PROMPT
Reproduce the entries shown below only from the line with "Lemma closed_colors_empty k" down to the line with "suff D0 : D = set0.", keeping both end lines and copying each one exactly.

DATA LISTING
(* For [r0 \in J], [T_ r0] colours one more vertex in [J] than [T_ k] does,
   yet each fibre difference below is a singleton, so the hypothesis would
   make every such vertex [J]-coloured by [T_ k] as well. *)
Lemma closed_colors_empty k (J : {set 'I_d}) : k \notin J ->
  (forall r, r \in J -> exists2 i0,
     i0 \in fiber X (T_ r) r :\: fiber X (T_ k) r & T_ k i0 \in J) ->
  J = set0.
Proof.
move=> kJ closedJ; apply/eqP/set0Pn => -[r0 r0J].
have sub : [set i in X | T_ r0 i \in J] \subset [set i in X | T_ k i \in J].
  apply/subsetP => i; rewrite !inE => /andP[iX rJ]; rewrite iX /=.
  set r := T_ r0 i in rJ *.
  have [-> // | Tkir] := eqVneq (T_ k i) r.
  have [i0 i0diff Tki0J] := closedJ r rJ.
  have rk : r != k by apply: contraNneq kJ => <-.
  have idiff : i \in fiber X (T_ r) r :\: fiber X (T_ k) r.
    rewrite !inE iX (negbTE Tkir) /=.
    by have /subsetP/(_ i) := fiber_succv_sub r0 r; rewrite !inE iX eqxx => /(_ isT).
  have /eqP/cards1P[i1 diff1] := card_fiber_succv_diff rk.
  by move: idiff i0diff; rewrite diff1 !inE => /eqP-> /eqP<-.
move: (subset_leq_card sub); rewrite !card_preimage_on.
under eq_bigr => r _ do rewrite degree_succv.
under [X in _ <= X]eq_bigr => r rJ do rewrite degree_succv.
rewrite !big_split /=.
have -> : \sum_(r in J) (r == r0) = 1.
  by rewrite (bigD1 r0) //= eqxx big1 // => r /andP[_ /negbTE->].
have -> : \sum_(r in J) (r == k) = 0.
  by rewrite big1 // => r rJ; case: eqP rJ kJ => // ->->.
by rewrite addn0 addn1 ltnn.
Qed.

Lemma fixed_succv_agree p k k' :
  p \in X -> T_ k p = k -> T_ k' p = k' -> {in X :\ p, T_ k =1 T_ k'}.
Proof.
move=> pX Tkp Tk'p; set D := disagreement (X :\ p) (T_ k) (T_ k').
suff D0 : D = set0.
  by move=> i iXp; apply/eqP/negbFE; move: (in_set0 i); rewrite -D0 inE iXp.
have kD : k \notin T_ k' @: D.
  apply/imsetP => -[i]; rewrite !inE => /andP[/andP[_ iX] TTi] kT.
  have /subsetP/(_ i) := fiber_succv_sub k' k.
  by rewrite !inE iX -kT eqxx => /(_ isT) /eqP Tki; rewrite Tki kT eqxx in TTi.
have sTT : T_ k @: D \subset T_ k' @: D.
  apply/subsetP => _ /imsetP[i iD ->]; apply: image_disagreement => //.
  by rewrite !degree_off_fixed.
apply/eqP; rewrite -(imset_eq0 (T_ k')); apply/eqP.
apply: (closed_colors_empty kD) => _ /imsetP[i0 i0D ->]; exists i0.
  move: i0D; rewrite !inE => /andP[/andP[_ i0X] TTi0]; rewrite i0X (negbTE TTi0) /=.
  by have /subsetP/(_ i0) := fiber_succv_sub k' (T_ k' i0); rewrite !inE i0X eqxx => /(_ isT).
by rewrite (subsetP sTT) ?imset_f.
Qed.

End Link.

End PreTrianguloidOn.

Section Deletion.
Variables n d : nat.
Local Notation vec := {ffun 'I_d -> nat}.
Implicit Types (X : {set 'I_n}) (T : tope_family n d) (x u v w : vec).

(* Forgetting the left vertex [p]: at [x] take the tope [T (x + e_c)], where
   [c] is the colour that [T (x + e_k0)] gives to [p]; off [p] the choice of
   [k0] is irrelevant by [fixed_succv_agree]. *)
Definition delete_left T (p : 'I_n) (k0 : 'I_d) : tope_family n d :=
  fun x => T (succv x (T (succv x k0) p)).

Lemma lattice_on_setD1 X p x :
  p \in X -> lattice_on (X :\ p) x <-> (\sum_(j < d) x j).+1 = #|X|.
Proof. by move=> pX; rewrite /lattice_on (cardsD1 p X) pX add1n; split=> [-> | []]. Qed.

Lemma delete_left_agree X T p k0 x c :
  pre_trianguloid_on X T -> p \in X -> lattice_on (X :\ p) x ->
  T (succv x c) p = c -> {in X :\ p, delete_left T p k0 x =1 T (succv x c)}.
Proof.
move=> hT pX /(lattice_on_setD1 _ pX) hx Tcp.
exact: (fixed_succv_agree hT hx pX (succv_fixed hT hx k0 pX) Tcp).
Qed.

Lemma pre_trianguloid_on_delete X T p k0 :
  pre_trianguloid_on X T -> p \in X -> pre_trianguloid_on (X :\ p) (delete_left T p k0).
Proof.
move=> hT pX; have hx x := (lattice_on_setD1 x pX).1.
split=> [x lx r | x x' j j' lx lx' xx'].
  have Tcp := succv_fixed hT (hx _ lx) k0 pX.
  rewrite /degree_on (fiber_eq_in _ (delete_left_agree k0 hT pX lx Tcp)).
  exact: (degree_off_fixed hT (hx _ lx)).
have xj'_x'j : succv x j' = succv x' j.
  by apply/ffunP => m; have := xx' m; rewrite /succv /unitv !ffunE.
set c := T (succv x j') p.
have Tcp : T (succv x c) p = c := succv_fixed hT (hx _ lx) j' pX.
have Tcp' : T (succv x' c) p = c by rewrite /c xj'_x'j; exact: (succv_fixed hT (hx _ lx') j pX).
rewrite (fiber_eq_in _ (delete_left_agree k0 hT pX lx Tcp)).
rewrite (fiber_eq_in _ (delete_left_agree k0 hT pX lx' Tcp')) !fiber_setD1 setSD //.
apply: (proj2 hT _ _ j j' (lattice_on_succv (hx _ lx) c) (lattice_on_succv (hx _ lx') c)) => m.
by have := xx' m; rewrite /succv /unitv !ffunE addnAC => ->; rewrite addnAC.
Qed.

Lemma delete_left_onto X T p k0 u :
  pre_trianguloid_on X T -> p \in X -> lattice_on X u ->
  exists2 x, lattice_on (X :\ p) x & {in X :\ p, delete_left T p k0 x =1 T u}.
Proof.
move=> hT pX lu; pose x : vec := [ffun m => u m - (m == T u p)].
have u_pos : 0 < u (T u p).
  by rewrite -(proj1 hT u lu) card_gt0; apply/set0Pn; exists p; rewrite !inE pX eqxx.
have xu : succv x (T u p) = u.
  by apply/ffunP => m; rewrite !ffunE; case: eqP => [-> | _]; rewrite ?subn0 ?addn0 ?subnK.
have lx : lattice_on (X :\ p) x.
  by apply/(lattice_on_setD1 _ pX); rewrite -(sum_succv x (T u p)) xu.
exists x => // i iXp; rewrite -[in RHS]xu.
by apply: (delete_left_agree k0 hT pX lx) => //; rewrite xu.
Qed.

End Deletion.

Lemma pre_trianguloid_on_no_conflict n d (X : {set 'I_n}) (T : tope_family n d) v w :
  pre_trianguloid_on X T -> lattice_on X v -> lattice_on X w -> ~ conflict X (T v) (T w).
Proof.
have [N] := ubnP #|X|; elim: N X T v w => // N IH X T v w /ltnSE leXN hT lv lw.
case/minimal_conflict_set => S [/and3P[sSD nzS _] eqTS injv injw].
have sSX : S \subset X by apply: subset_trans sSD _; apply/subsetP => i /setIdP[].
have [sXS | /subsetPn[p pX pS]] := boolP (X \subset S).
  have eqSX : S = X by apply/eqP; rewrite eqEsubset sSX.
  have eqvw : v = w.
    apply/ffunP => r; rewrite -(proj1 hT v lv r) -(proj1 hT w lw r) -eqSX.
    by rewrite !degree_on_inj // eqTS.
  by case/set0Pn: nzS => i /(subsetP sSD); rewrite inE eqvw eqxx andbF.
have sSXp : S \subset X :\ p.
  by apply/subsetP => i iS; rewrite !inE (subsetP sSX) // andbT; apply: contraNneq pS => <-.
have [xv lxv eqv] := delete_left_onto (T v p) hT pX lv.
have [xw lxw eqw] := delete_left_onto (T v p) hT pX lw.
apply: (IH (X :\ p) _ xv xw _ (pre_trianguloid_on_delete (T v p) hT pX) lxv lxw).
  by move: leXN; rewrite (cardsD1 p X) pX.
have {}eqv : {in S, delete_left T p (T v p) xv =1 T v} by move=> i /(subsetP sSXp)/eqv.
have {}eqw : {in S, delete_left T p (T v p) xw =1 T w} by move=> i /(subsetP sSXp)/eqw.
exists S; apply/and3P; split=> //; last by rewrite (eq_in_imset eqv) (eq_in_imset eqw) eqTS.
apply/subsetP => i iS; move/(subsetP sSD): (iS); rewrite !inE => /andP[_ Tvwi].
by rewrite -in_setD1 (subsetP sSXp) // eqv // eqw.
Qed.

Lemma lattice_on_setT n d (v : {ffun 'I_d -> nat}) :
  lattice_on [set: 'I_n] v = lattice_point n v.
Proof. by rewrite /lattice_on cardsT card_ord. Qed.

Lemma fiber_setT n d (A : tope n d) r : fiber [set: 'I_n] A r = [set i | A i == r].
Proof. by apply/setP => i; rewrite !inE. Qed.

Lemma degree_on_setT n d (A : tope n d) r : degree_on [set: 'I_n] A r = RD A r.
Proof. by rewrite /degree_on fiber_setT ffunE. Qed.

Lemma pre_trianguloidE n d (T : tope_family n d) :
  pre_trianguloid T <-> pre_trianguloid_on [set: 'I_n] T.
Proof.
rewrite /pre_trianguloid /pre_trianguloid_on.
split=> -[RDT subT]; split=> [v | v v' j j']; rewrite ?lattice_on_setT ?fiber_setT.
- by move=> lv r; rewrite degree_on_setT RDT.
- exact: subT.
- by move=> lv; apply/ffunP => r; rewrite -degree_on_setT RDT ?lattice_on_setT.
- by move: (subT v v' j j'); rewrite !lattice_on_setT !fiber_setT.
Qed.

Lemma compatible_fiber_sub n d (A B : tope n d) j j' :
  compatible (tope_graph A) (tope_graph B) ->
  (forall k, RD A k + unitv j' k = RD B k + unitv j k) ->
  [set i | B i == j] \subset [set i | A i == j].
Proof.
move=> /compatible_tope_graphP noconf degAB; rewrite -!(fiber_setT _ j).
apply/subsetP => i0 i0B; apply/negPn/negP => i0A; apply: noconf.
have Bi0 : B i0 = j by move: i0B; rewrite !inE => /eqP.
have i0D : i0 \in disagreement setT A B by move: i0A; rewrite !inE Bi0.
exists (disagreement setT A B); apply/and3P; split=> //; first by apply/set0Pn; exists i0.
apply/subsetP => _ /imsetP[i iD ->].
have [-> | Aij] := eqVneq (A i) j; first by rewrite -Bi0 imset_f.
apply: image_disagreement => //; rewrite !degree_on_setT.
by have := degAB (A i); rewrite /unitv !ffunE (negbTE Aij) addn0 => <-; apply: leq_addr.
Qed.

...

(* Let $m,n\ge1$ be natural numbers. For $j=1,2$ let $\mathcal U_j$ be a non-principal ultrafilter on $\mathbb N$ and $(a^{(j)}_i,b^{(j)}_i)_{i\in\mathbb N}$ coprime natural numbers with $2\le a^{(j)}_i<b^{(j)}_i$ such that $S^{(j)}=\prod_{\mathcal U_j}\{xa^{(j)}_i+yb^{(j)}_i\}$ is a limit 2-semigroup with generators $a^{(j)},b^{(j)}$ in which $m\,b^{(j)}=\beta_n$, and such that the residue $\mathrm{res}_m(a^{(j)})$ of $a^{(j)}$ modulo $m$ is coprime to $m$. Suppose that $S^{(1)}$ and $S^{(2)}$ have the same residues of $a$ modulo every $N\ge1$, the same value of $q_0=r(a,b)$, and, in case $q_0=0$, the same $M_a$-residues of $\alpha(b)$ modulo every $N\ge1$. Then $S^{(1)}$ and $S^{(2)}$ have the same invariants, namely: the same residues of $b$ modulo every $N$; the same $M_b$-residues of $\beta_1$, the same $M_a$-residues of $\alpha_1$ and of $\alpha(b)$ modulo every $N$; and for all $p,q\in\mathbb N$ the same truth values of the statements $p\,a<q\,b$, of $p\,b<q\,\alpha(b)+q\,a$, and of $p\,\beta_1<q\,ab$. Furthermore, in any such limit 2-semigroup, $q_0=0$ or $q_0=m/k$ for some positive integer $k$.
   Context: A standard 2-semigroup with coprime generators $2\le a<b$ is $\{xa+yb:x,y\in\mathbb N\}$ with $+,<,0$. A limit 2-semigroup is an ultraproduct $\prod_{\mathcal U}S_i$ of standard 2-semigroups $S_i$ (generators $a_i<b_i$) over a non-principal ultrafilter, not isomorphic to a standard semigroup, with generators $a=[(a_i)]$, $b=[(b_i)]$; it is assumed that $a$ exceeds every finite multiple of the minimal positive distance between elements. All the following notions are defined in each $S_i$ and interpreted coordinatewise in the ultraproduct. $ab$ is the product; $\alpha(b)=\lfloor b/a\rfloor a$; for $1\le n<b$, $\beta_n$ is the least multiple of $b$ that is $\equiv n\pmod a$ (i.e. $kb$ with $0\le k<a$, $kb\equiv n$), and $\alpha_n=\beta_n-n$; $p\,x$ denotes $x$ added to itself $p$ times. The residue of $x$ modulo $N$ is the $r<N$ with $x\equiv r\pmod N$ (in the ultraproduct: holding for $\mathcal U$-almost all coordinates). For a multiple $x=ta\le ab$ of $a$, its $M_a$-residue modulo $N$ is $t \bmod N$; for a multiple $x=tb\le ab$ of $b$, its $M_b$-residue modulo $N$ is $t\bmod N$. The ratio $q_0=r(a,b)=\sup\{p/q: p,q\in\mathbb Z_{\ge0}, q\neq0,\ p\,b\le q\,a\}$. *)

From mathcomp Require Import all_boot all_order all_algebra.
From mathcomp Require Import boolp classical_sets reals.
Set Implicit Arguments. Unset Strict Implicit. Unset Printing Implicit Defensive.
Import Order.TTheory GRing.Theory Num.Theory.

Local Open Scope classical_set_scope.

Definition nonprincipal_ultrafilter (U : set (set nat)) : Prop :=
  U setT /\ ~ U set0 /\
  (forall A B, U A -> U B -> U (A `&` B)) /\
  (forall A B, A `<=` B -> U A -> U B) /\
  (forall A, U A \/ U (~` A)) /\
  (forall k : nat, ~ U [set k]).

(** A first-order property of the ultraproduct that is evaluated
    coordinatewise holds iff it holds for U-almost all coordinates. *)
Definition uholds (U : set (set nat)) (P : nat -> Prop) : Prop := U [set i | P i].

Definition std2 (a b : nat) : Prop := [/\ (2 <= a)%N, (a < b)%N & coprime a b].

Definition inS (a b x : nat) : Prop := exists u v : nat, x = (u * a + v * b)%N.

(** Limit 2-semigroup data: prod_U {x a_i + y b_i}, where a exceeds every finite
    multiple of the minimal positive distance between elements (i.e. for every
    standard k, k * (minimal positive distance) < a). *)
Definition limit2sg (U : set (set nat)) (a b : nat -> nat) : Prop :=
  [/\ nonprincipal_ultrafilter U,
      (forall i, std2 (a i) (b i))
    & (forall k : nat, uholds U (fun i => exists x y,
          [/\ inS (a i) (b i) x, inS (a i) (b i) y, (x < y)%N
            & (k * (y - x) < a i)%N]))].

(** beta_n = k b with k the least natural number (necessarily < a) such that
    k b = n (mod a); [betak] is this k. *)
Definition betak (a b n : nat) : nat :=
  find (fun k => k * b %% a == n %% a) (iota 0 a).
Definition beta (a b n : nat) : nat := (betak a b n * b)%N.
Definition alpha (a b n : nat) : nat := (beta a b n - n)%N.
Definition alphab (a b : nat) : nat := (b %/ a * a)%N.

* * *

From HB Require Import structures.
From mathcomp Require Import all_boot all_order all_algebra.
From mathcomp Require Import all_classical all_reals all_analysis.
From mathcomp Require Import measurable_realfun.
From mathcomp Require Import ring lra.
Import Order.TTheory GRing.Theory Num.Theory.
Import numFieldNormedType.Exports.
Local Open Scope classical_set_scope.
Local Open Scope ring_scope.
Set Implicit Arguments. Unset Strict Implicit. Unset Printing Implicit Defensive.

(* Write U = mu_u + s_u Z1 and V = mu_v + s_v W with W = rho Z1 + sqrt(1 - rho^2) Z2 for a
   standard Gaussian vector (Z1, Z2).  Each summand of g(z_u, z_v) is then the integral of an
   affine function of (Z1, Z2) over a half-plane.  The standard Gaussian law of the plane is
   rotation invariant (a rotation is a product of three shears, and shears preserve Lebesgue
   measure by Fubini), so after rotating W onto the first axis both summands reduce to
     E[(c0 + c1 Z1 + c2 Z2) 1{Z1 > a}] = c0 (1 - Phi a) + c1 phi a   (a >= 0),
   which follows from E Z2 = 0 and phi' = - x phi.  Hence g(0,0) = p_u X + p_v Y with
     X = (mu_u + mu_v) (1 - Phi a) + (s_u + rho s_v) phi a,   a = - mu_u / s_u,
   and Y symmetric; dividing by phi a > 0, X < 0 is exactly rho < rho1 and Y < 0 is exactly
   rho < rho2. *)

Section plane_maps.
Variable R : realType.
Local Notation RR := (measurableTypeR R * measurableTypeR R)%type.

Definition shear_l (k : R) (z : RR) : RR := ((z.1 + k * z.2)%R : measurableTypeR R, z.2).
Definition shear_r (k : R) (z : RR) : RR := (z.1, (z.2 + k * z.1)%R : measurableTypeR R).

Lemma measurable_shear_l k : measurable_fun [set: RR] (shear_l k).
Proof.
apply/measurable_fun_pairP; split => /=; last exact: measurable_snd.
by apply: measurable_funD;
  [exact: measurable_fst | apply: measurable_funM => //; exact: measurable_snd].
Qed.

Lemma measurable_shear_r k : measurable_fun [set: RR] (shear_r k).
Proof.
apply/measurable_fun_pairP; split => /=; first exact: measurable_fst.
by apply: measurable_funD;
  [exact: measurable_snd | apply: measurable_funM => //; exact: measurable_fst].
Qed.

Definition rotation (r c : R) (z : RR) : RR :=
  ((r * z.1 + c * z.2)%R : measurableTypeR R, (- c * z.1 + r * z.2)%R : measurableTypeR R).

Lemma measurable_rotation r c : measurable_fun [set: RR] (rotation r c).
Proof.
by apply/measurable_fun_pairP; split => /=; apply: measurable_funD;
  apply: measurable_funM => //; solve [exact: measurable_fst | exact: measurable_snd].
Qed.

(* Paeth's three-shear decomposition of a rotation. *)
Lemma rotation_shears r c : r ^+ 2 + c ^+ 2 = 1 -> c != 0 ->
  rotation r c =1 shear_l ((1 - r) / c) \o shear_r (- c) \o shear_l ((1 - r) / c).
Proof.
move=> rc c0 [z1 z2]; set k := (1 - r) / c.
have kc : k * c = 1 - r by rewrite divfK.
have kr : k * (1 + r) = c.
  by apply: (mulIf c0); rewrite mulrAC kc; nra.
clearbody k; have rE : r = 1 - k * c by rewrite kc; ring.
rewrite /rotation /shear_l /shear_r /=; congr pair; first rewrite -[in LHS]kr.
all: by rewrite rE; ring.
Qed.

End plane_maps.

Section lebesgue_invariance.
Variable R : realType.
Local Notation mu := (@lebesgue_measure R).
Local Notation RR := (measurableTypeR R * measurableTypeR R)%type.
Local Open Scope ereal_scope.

RESULT OF THIS EXERCISE
Lemma closed_colors_empty k (J : {set 'I_d}) : k \notin J ->
  (forall r, r \in J -> exists2 i0,
     i0 \in fiber X (T_ r) r :\: fiber X (T_ k) r & T_ k i0 \in J) ->
  J = set0.
Proof.
move=> kJ closedJ; apply/eqP/set0Pn => -[r0 r0J].
have sub : [set i in X | T_ r0 i \in J] \subset [set i in X | T_ k i \in J].
  apply/subsetP => i; rewrite !inE => /andP[iX rJ]; rewrite iX /=.
  set r := T_ r0 i in rJ *.
  have [-> // | Tkir] := eqVneq (T_ k i) r.
  have [i0 i0diff Tki0J] := closedJ r rJ.
  have rk : r != k by apply: contraNneq kJ => <-.
  have idiff : i \in fiber X (T_ r) r :\: fiber X (T_ k) r.
    rewrite !inE iX (negbTE Tkir) /=.
    by have /subsetP/(_ i) := fiber_succv_sub r0 r; rewrite !inE iX eqxx => /(_ isT).
  have /eqP/cards1P[i1 diff1] := card_fiber_succv_diff rk.
  by move: idiff i0diff; rewrite diff1 !inE => /eqP-> /eqP<-.
move: (subset_leq_card sub); rewrite !card_preimage_on.
under eq_bigr => r _ do rewrite degree_succv.
under [X in _ <= X]eq_bigr => r rJ do rewrite degree_succv.
rewrite !big_split /=.
have -> : \sum_(r in J) (r == r0) = 1.
  by rewrite (bigD1 r0) //= eqxx big1 // => r /andP[_ /negbTE->].
have -> : \sum_(r in J) (r == k) = 0.
  by rewrite big1 // => r rJ; case: eqP rJ kJ => // ->->.
by rewrite addn0 addn1 ltnn.
Qed.

Lemma fixed_succv_agree p k k' :
  p \in X -> T_ k p = k -> T_ k' p = k' -> {in X :\ p, T_ k =1 T_ k'}.
Proof.
move=> pX Tkp Tk'p; set D := disagreement (X :\ p) (T_ k) (T_ k').
suff D0 : D = set0.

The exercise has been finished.